* **THE TASK**: If a line in the entries includes "subringM", show that line.

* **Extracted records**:
+--
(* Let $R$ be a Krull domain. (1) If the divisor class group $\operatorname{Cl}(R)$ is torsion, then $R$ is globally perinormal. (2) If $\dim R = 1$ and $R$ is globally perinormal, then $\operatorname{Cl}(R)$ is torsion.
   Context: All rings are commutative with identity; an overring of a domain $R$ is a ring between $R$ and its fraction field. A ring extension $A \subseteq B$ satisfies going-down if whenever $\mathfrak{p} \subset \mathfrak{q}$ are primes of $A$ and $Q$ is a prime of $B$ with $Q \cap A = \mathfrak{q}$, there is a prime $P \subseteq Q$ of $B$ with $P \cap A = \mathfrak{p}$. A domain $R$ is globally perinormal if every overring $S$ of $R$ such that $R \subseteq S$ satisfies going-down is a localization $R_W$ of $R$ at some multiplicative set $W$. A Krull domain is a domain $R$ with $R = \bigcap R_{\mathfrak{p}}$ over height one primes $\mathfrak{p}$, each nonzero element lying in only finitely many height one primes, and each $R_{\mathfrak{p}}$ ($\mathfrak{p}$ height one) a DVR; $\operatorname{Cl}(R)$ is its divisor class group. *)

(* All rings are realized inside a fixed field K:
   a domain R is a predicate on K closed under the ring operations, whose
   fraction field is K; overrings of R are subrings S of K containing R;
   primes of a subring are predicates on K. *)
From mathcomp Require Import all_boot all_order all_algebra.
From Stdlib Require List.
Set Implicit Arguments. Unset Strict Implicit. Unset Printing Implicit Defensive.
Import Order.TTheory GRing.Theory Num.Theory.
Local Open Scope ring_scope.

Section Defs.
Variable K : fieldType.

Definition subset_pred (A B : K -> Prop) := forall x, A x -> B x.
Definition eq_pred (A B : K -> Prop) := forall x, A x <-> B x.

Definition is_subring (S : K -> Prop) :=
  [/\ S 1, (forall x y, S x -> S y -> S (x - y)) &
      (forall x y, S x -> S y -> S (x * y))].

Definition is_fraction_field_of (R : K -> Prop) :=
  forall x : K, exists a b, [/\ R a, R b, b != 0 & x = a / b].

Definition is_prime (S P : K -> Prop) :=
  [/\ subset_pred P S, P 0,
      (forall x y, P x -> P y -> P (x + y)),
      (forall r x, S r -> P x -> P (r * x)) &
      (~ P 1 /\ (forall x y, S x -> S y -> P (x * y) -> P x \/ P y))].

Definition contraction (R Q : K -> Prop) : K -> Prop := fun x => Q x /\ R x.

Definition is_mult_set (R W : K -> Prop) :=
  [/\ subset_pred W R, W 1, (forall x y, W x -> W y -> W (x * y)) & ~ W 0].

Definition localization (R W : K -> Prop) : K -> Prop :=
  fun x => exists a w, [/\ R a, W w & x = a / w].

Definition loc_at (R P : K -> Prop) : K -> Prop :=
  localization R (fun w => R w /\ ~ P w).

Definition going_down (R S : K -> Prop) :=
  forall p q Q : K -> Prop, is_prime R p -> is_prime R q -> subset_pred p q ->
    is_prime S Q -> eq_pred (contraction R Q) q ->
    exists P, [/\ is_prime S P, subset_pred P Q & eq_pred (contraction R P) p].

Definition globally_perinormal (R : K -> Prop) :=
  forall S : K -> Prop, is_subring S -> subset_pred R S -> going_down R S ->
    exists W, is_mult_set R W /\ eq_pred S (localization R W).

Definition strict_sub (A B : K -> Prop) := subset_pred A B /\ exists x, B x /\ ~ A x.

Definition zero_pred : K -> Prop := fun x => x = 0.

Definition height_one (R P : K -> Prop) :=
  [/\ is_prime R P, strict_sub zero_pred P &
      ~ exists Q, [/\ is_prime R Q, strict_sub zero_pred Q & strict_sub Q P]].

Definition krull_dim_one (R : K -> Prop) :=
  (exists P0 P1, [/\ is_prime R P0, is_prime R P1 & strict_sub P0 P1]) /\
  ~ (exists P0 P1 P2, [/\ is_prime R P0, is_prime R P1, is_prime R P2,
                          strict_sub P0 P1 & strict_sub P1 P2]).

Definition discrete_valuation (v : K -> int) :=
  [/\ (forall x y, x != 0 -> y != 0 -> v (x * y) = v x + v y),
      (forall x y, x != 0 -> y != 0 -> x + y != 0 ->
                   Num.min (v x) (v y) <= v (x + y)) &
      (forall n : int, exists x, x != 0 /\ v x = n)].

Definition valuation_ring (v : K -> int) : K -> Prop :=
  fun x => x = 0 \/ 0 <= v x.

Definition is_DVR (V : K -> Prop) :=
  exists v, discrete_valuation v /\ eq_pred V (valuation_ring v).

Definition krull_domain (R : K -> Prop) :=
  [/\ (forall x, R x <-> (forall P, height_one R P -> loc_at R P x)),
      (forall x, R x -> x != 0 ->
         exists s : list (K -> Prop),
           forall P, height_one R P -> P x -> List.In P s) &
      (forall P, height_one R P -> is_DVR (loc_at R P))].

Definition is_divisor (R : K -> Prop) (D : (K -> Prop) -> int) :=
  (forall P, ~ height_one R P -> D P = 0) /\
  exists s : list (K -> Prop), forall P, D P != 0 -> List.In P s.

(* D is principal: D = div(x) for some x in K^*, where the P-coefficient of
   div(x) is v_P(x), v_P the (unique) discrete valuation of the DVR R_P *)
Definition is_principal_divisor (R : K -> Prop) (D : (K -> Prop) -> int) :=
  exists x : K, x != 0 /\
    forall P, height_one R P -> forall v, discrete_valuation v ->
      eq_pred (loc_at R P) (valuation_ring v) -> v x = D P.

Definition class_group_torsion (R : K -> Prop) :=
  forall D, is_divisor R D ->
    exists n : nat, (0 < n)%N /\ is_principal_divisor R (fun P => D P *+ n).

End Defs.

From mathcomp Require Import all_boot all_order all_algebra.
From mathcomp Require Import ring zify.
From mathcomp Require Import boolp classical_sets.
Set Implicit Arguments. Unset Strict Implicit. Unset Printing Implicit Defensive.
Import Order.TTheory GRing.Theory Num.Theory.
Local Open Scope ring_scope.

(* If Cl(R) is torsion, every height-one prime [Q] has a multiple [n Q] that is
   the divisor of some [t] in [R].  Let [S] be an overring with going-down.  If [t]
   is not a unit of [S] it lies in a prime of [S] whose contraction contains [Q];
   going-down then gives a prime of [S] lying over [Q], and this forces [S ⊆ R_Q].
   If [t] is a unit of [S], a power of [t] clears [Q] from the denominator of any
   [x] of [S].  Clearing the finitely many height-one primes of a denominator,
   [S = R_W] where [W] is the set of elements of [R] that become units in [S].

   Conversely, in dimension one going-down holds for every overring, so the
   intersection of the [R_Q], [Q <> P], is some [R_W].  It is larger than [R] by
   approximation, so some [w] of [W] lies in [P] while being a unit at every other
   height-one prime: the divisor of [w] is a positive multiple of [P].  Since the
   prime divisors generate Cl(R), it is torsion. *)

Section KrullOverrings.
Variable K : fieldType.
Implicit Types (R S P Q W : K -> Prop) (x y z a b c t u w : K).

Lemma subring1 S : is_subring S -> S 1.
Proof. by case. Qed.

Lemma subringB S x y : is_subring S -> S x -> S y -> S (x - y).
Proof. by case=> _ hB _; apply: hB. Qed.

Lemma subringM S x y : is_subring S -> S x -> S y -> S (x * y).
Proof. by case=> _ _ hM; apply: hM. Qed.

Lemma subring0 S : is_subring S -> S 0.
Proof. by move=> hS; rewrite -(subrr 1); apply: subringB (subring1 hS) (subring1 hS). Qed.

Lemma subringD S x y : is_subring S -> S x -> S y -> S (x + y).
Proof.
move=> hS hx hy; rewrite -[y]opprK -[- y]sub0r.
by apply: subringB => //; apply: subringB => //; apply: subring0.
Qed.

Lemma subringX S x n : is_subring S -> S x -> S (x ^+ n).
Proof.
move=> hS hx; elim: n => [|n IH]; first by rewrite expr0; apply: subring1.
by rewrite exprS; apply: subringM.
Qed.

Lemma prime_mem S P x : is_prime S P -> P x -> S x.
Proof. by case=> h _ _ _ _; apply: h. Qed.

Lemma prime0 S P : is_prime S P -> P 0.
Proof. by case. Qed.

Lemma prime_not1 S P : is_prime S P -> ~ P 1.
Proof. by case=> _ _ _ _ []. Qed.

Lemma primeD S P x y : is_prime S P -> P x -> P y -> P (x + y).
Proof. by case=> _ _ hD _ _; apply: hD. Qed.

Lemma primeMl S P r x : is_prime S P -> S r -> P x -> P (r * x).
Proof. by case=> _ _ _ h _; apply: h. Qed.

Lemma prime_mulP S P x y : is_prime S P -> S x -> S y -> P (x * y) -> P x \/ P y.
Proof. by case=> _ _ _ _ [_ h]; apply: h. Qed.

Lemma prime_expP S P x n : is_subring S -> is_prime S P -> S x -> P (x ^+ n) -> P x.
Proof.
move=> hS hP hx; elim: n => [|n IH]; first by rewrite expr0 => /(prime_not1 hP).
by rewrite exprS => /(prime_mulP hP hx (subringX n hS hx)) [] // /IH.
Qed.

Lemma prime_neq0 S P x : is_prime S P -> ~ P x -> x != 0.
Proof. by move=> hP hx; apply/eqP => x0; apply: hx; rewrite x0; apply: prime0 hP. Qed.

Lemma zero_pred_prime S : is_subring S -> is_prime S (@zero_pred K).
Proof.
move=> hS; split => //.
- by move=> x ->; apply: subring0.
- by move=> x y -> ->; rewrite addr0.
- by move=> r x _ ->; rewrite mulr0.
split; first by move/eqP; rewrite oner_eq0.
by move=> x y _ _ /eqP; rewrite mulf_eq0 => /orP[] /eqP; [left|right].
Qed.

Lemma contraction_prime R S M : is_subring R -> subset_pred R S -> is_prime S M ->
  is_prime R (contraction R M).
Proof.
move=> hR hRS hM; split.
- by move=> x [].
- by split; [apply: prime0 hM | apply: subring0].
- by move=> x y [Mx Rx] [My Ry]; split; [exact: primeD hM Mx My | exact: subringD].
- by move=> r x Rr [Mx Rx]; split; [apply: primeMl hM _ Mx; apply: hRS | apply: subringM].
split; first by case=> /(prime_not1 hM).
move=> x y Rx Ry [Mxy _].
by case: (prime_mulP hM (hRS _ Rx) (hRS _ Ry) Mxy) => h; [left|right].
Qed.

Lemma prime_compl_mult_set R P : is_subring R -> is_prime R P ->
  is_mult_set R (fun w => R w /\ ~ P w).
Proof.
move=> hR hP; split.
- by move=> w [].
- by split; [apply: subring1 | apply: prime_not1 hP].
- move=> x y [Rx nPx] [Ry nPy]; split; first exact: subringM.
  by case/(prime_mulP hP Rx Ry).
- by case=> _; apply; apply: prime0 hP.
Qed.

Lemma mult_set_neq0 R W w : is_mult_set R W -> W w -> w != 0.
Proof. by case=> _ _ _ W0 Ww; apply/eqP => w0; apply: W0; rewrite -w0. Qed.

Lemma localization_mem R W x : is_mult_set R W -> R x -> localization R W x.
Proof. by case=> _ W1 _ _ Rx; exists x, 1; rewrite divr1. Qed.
+--
* **SOLVED EXERCISE**:
Lemma subringM S x y : is_subring S -> S x -> S y -> S (x * y).
by rewrite exprS; apply: subringM.
- by move=> r x Rr [Mx Rx]; split; [apply: primeMl hM _ Mx; apply: hRS | apply: subringM].
- move=> x y [Rx nPx] [Ry nPy]; split; first exact: subringM.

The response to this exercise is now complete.